Mencapai Posisi Puncak sebagai In-House Lawyer
Kolom

Mencapai Posisi Puncak sebagai In-House Lawyer

Enam kiat untuk menjadi in-house lawyer yang memberikan added value bagi perusahaan.

Bacaan 5 Menit
Reza Topobroto. Foto: Istimewa
Reza Topobroto. Foto: Istimewa

“Lawyer in-house ya? Kenapa gak di law firm?”. Pertanyaan ini sering saya terima selama menjadi in-house lawyer. Langsung saya jawab, “7 tahun di law firm sebelum in-house”. Lalu muncul pertanyaan lanjutan. “Kenapa sudah di law firm pindah in-house?”. Saya langsung menyimpulkan yang bertanya tidak paham profesi lawyer. Ternyata benar, karena sebelum dijawab, muncul lagi pertanyaan tambahan, “Kenapa gak kerja di Notaris?”.

Publik yang lebih terekspos dengan lawyer karena kasus litigasi atau proyek korporasi membuat in-house counsel seakan tenggelam. Saya yakin persepsi ini sudah terkikis 15 tahun terakhir. Satu penyebabnya adalah pesatnya perkembangan bisnis. Jenjang karier yang dulunya mentok hanya legal manager di bawah HRD atau CFO berubah menjadi lebih tinggi. In-house lawyer dapat menjulang karier hingga Legal Director. Bahkan, CEO seperti Tony Wenas awalnya staf legal yang mendaki jadi CEO Freeport. Ada lagi di luar negeri sebagai ekspatriat seperti Timmy Trihartama yang bekerja di QPC, Qatar.

Baca juga:

Globalisasi mengubah peta karier yang semula menempatkan tim legal terpisah dari fungsi lain serta di bawah CEO menjadi komando langsung oleh regional counsel di kawasan. Ini saya alami sewaktu menjadi Country Counsel di P&G (2005-2008), Country Legal Head Mondelez (2008-2001), dan Director Legal Affairs Microsoft (2012-2019) yang semuanya langsung di bawah regional counsel Asia Pasifik.

Ada yang berpendapat struktur unit kerja in-house lawyer seperti law firm dalam perusahaan. Ini 100% salah. Justru, in-house lawyer harus bisa memberikan nilai tambah bagi perusahaan. Jika tidak, posisi independen akan di-challenge. Kalau ditarik ke bawah departemen lain, berisiko hanya dijadikan alat menjustifikasi KPI mereka. Ini tidaklah bijak dalam konteks menjaga standar kepatuhan.

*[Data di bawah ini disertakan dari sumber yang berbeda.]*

(* Let $(X,X')$ be an exchangeable pair of random elements, and let $W=W(X)$ and $W'=W(X')$ be integer valued. Define $Q_m(x)=\mathbb{P}[W'=W+m\mid X=x]$ and $q_m=\mathbb{E}Q_m(X)=\mathbb{P}[W'=W+m]$. Then for every positive integer $m$ (with $q_m>0$), \[ D_{1,m}(\mathcal{L}(W))\le\frac{\sqrt{\mathrm{Var}\,Q_m(X)}+\sqrt{\mathrm{Var}\,Q_{-m}(X)}}{q_m}. \]
   Context: For $f:\mathbb{Z}\to\mathbb{R}$, $\|f\|_1=\sum_i|f(i)|$; $\Delta^0f=f$, $\Delta^{n+1}f(k)=\Delta^nf(k+1)-\Delta^nf(k)$. For an integer-valued random variable $W$ with distribution function $F(j)=\mathbb{P}[W\le j]$ and positive integer $m$, $\bar F^m(j)=\frac{F(j)+\dots+F(j-m+1)}{m}$ and $D_{n,m}(\mathcal{L}(W))=m\|\Delta^{n+1}\bar F^m\|_1$. *)

From HB Require Import structures.
From mathcomp Require Import all_boot all_order all_algebra.
From mathcomp Require Import all_classical all_reals all_analysis.
Set Implicit Arguments. Unset Strict Implicit. Unset Printing Implicit Defensive.
Import Order.TTheory GRing.Theory Num.Theory.
Local Open Scope classical_set_scope.
Local Open Scope ring_scope.

Fixpoint Delta {R : ringType} (n : nat) (f : int -> R) : int -> R :=
  match n with
  | 0%N => f
  | n'.+1 => fun k => Delta n' f (k + 1) - Delta n' f k
  end.

Definition Fbar {R : realType} (m : nat) (F : int -> R) : int -> R :=
  fun j => (\sum_(i < m) F (j - (i%:Z))) / m%:R.

Definition l1norm {R : realType} (f : int -> R) : \bar R :=
  \esum_(j in [set: int]) (`|f j|)%:E.

Definition distrfun {d} {Omega : measurableType d} {R : realType}
  (P : probability Omega R) (Y : Omega -> int) : int -> R :=
  fun j => fine (P [set w | Y w <= j]).

Definition Dnm {d} {Omega : measurableType d} {R : realType}
  (P : probability Omega R) (n m : nat) (Y : Omega -> int) : \bar R :=
  ((m%:R : R)%:E * l1norm (Delta n.+1 (Fbar m (distrfun P Y))))%E.

Definition exchangeable {d d'} {Omega : measurableType d} {T : measurableType d'}
  {R : realType} (P : probability Omega R) (X X' : Omega -> T) : Prop :=
  [/\ measurable_fun setT X, measurable_fun setT X' &
  forall E : set (T * T), measurable E ->
    P ((fun w => (X w, X' w)) @^-1` E) = P ((fun w => (X' w, X w)) @^-1` E)].

(* Q is a version of the conditional probability P[E | X = x], i.e. a
   measurable function of x such that Q(X) is a version of P[E | sigma(X)]:
   for every measurable A, E[ 1_{X in A} Q(X) ] = P[{X in A} /\ E]. *)
Definition cond_prob_given {d d'} {Omega : measurableType d} {T : measurableType d'}
  {R : realType} (P : probability Omega R) (X : Omega -> T) (E : set Omega)
  (Q : T -> R) : Prop :=
  measurable_fun setT Q /\
  forall A : set T, measurable A ->
    (\int[P]_(w in X @^-1` A) (Q (X w))%:E)%E = P (X @^-1` A `&` E).

From HB Require Import structures.
From mathcomp Require Import all_boot all_order all_algebra.
From mathcomp Require Import all_classical all_reals all_analysis.
From mathcomp Require Import measurable_realfun.
From mathcomp Require Import ring lra zify.
Import Order.TTheory GRing.Theory Num.Theory.
Local Open Scope classical_set_scope.
Local Open Scope ring_scope.

(* Write p_k = P[W = k] and q = q_m.  By exchangeability q_{-m} = q_m and
   P[W = k, W' = k + m] = P[W = k + m, W' = k]; by the defining property of the
   conditional probabilities the left side is E[Q_m(X); W = k] and the right side
   E[Q_{-m}(X); W = k + m].  Subtracting both from q p_k and q p_{k+m} gives
     q |p_{k+m} - p_k| <= E[|Q_m(X) - q|; W = k] + E[|Q_{-m}(X) - q|; W = k + m],
   and summing over k, q sum_k |p_{k+m} - p_k| <= E|Q_m(X) - q| + E|Q_{-m}(X) - q|.
   Since E Q_{+-m}(X) = q, each term is at most a standard deviation by
   Cauchy-Schwarz.  Finally Delta^2 Fbar^m (j) = (p_{j+2} - p_{j+2-m}) / m, so
   D_{1,m} = sum_k |p_{k+m} - p_k|. *)

Lemma Fbar_diff (R : realType) (m : nat) (F : int -> R) (j : int) : (0 < m)%N ->
  Fbar m F (j + 1) - Fbar m F j = (F (j + 1) - F (j + 1 - m%:Z)) / m%:R.
Proof.
case: m => [//|m] _; rewrite /Fbar -mulrBl; congr (_ / _).
rewrite big_ord_recl big_ord_recr /= subr0.
have -> : \sum_(i < m) F (j + 1 - (lift ord0 i)%:Z) =
    \sum_(i < m) F (j - (widen_ord (leqnSn m) i)%:Z).
  by apply: eq_bigr => i _; congr F; rewrite lift0 /=; lia.
have -> : j - m%:Z = j + 1 - m.+1%:Z by lia.
lra.
Qed.

Lemma Delta2_Fbar (R : realType) (m : nat) (F : int -> R) (j : int) : (0 < m)%N ->
  Delta 2 (Fbar m F) j = (Delta 1 F (j + 1) - Delta 1 F (j + 1 - m%:Z)) / m%:R.
Proof.
move=> m_gt0; rewrite /= !Fbar_diff // -mulrBl.
have -> : j + 1 - m%:Z + 1 = j + 1 + 1 - m%:Z by lia.
by congr (_ / _); lra.
Qed.

Lemma measurable_preimage_of_fibres {d} {T : measurableType d} {I : countType}
    {W : T -> I} :
  (forall k, measurable (W @^-1` [set k])) -> forall B, measurable (W @^-1` B).
Proof.
move=> mW B; have -> : W @^-1` B = \bigcup_k W @^-1` (B `&` [set k]).
  by apply/seteqP; split => [w Bw|w [k _ []]] //; exists (W w).
apply: countable_bigcupT_measurable => [|k]; first exact: countableP.
by rewrite setI1; case: ifP; rewrite ?preimage_set0.
Qed.

Section measure_lemmas.
Context {d} {T : measurableType d} {R : realType} (mu : {measure set T -> \bar R}).

Lemma gt0_integral_le0_measure0 (D : set T) (f : T -> R) : measurable D ->
  measurable_fun D f -> (forall x, D x -> 0 < f x) ->
  (\int[mu]_(x in D) (f x)%:E <= 0)%E -> mu D = 0%E.
Proof.
move=> mD mf f0 If.
have mfE : measurable_fun D (EFin \o f : T -> \bar R) by exact/measurable_EFinP.
have /(ae_eq_integral_abs mu mD mfE) [N [mN N0 DN]] :
    (\int[mu]_(x in D) `|(f x)%:E| = 0)%E.
  apply/eqP; rewrite eq_le integral_ge0 ?andbT //; apply: le_trans If.
  rewrite le_eqVlt (eq_integral (fun x => (f x)%:E)) ?eqxx // => x /set_mem Dx.
  by rewrite gee0_abs // lee_fin ltW // f0.
apply/eqP; rewrite eq_le measure_ge0 andbT -N0 le_measure ?inE // => x Dx.
by apply: DN => /= /(_ Dx) [] /eqP; rewrite gt_eqF // f0.
Qed.

Lemma sum_integral_fibres_le {I : eqType} (Z : T -> I) (g : T -> \bar R)
    (s : seq I) :
  uniq s -> (forall k, measurable (Z @^-1` [set k])) ->
  measurable_fun setT g -> (forall w, 0 <= g w)%E ->
  (\sum_(k <- s) \int[mu]_(w in Z @^-1` [set k]) g w <= \int[mu]_w g w)%E.
Proof.
move=> s_uniq mZ mg g_ge0.
have mgZ k : measurable_fun setT (g \_ (Z @^-1` [set k])).
  exact/(measurable_restrictT _ (mZ k))/measurable_funTS.
under eq_bigr do rewrite integral_mkcond.
rewrite -ge0_integral_sum //; last by move=> k w _; rewrite patchE; case: ifP.
apply: ge0_le_integral => //.
- by move=> w _; apply: sume_ge0 => k _; rewrite patchE; case: ifP.
- exact: emeasurable_sum.
move=> w _; rewrite (eq_bigr (fun k => if Z w == k then g w else 0%E)); last first.
  move=> k _; rewrite patchE; have [<-|Zw_neq] := eqVneq (Z w) k; first by rewrite mem_set.
  by rewrite memNset //= => /eqP; rewrite (negbTE Zw_neq).
rewrite -big_mkcond big_const_seq (eq_count (a2 := pred1 (Z w))) => [|k /=].
  by rewrite count_uniq_mem //; case: (Z w \in s) => /=; rewrite ?adde0.
by rewrite eq_sym.
Qed.

End measure_lemmas.

Section probability_moments.
Context {d} {Omega : measurableType d} {R : realType} (P : probability Omega R).

Lemma integral_abs_le_sqrt_integral_sqr (f : Omega -> R) : measurable_fun setT f ->
  (\int[P]_w (f w ^+ 2)%:E \is a fin_num)%E ->
  (\int[P]_w (`|f w|)%:E <= (Num.sqrt (fine (\int[P]_w (f w ^+ 2)%:E)))%:E)%E.
Proof.
move=> mf; set I := (\int[P]_w (`|f w|)%:E)%E; set V := (\int[P]_w (f w ^+ 2)%:E)%E.
move=> V_fin.
have I_ge0 : (0 <= I)%E by apply: integral_ge0 => w _; rewrite lee_fin.
(* Cauchy-Schwarz against the constant 1: integrate [2 s |f| <= f^2 + s^2],
   then take [s = \int |f|]. *)
have amgm s : 0 < s -> ((2 * s)%:E * I <= V + (s ^+ 2)%:E)%E.
  move=> s_gt0.
  have integral_cst_s : (\int[P]_w (s ^+ 2)%:E = (s ^+ 2)%:E)%E.
    by rewrite integral_cst // -[RHS]mule1; congr (_ * _)%E; exact: probability_setT.
  have pointwise : (\int[P]_w ((2 * s) * `|f w|)%:E <=
      \int[P]_w (f w ^+ 2 + s ^+ 2)%:E)%E.
    apply: ge0_le_integral => //.
    - by move=> w _; rewrite lee_fin mulr_ge0 // mulr_ge0 // ltW.
    - exact/measurable_EFinP/measurable_funM/measurableT_comp.
    - by apply/measurable_EFinP; apply: measurable_funD => //; exact: measurable_funX.
    move=> w _; rewrite lee_fin -real_normK ?num_real //.
    by have := sqr_ge0 (`|f w| - s); rewrite sqrrB; lra.
  move: pointwise; under eq_integral do rewrite EFinM.
  rewrite ge0_integralZl_EFin //; last 2 first.
  - exact/measurable_EFinP/measurableT_comp.
  - by rewrite mulr_ge0 // ltW.
  under [in X in (_ <= X)%E -> _]eq_integral do rewrite EFinD.
  rewrite ge0_integralD //.
  - by rewrite integral_cst_s.
  - by move=> w _; rewrite lee_fin sqr_ge0.
  - exact/measurable_EFinP/measurable_funX.
  - by move=> w _; rewrite lee_fin sqr_ge0.
have I_fin : (I \is a fin_num)%E.
  have := amgm 2^-1; rewrite invr_gt0 ltr0n => /(_ isT).
  rewrite divff ?pnatr_eq0 // mul1e -(fineK V_fin) -EFinD => /le_lt_trans.
  by rewrite ge0_fin_numE //; apply; rewrite ltey.
rewrite -(fineK I_fin) lee_fin.
have V_ge0 : 0 <= fine V by apply: fine_ge0; apply: integral_ge0 => w _; rewrite lee_fin sqr_ge0.
have [I_le0|I_gt0] := leP (fine I) 0; first exact: le_trans I_le0 (sqrtr_ge0 _).
have := amgm _ I_gt0; rewrite -(fineK I_fin) -(fineK V_fin) -EFinM -EFinD lee_fin => h.
rewrite -(ger0_norm (ltW I_gt0)) -sqrtr_sqr ler_sqrt //.
by rewrite expr2; rewrite expr2 in h; nra.
Qed.

Lemma variance_integralE (Y : Omega -> R) :
  'V_P[Y] = (\int[P]_w ((Y w - fine 'E_P[Y]) ^+ 2)%:E)%E.
Proof.
rewrite /variance covariance.unlock expectation.unlock.
by apply: eq_integral => w _; rewrite expr2.
Qed.

Lemma integral_abs_dev_le_sqrt_variance (Y : Omega -> R) : measurable_fun setT Y ->
  'V_P[Y] \is a fin_num ->
  (\int[P]_w (`|Y w - fine 'E_P[Y]|)%:E <= (Num.sqrt (fine 'V_P[Y]))%:E)%E.
Proof.
move=> mY; rewrite variance_integralE; apply: integral_abs_le_sqrt_integral_sqr.
exact: measurable_funB.
Qed.

Section ae_bounded.
Context {Y : Omega -> R} {M : R}.
Hypotheses (mY : measurable_fun setT Y) (Y_le : {ae P, forall w, `|Y w| <= M}).

Lemma integrable_ae_bounded : P.-integrable setT (EFin \o Y).
Proof.
apply/integrableP; split; first exact/measurable_EFinP.
apply: (@le_lt_trans _ _ (\int[P]_w (cst `|M|%:E) w)%E).
  apply: ae_ge0_le_integral => //.
  - exact/measurableT_comp/measurable_EFinP.
  - by move=> w _; rewrite lee_fin.
  - apply: filterS Y_le => w YM _; rewrite /= lee_fin.
    exact: le_trans YM (ler_norm _).
by rewrite integral_cst // -ge0_fin_numE ?mule_ge0 ?fin_numM ?fin_num_measure.
Qed.

Lemma variance_fin_num_ae_bounded : 'V_P[Y] \is a fin_num.
Proof.
rewrite variance_integralE; set c := fine _.
rewrite ge0_fin_numE; last by apply: integral_ge0 => w _; rewrite lee_fin sqr_ge0.
apply: (@le_lt_trans _ _ (\int[P]_w (cst ((`|M| + `|c|) ^+ 2)%:E) w)%E).
  apply: ae_ge0_le_integral => //.
  - by move=> w _; rewrite lee_fin sqr_ge0.
  - exact/measurable_EFinP/measurable_funX/measurable_funB.
  - by move=> w _; rewrite lee_fin sqr_ge0.
  apply: filterS Y_le => w YM _; rewrite /= lee_fin -real_normK ?num_real //.
  have YcM : `|Y w - c| <= `|M| + `|c|.
    exact: le_trans (ler_normB _ _) (lerD (le_trans YM (ler_norm _)) (lexx _)).
  by rewrite ler_pXn2r ?nnegrE // addr_ge0.
by rewrite integral_cst // -ge0_fin_numE ?mule_ge0 ?fin_numM ?fin_num_measure // lee_fin sqr_ge0.
Qed.

End ae_bounded.

End probability_moments.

Saya akan berbagi enam kiat untuk menjadi in-house lawyer yang memberikan added value bagi perusahaan. Dalam bahasa Inggris akan mudah diingat dengan singkatan CAPT.ain RULES. Masing-masing adalah Can do Attitude, be Crazy (Innovative), Action, Adaptability, Prioritysetting dan Teamplayer. Bagi saya enam rules ini adalah my captain, my lead.

Can Do Attitude

Ini target revenue… wah kalau soal angka, saya nyerah”. Ini artinya selalu ingin di comfort zone dan tidak berani mengambil risiko. In-house lawyer harus sebaliknya. Jadikanlah rasa takut sebagai tantangan. Konversi kekhawatiran menjadi tantangan, maka sense of urgency akan tumbuh setiap menerima penugasan. Ini bukan berarti melahap semua kerjaan. Ingat bahwa sense of urgency harus diiringi pemahaman pada big picture. Paham dampaknya bagi perusahaan dan manfaatnya bagi performa diri. Jika tidak, akan terjebak pada printilan yang mengasyikkan, yang belum tentu mendapatkan respect dari bisnis.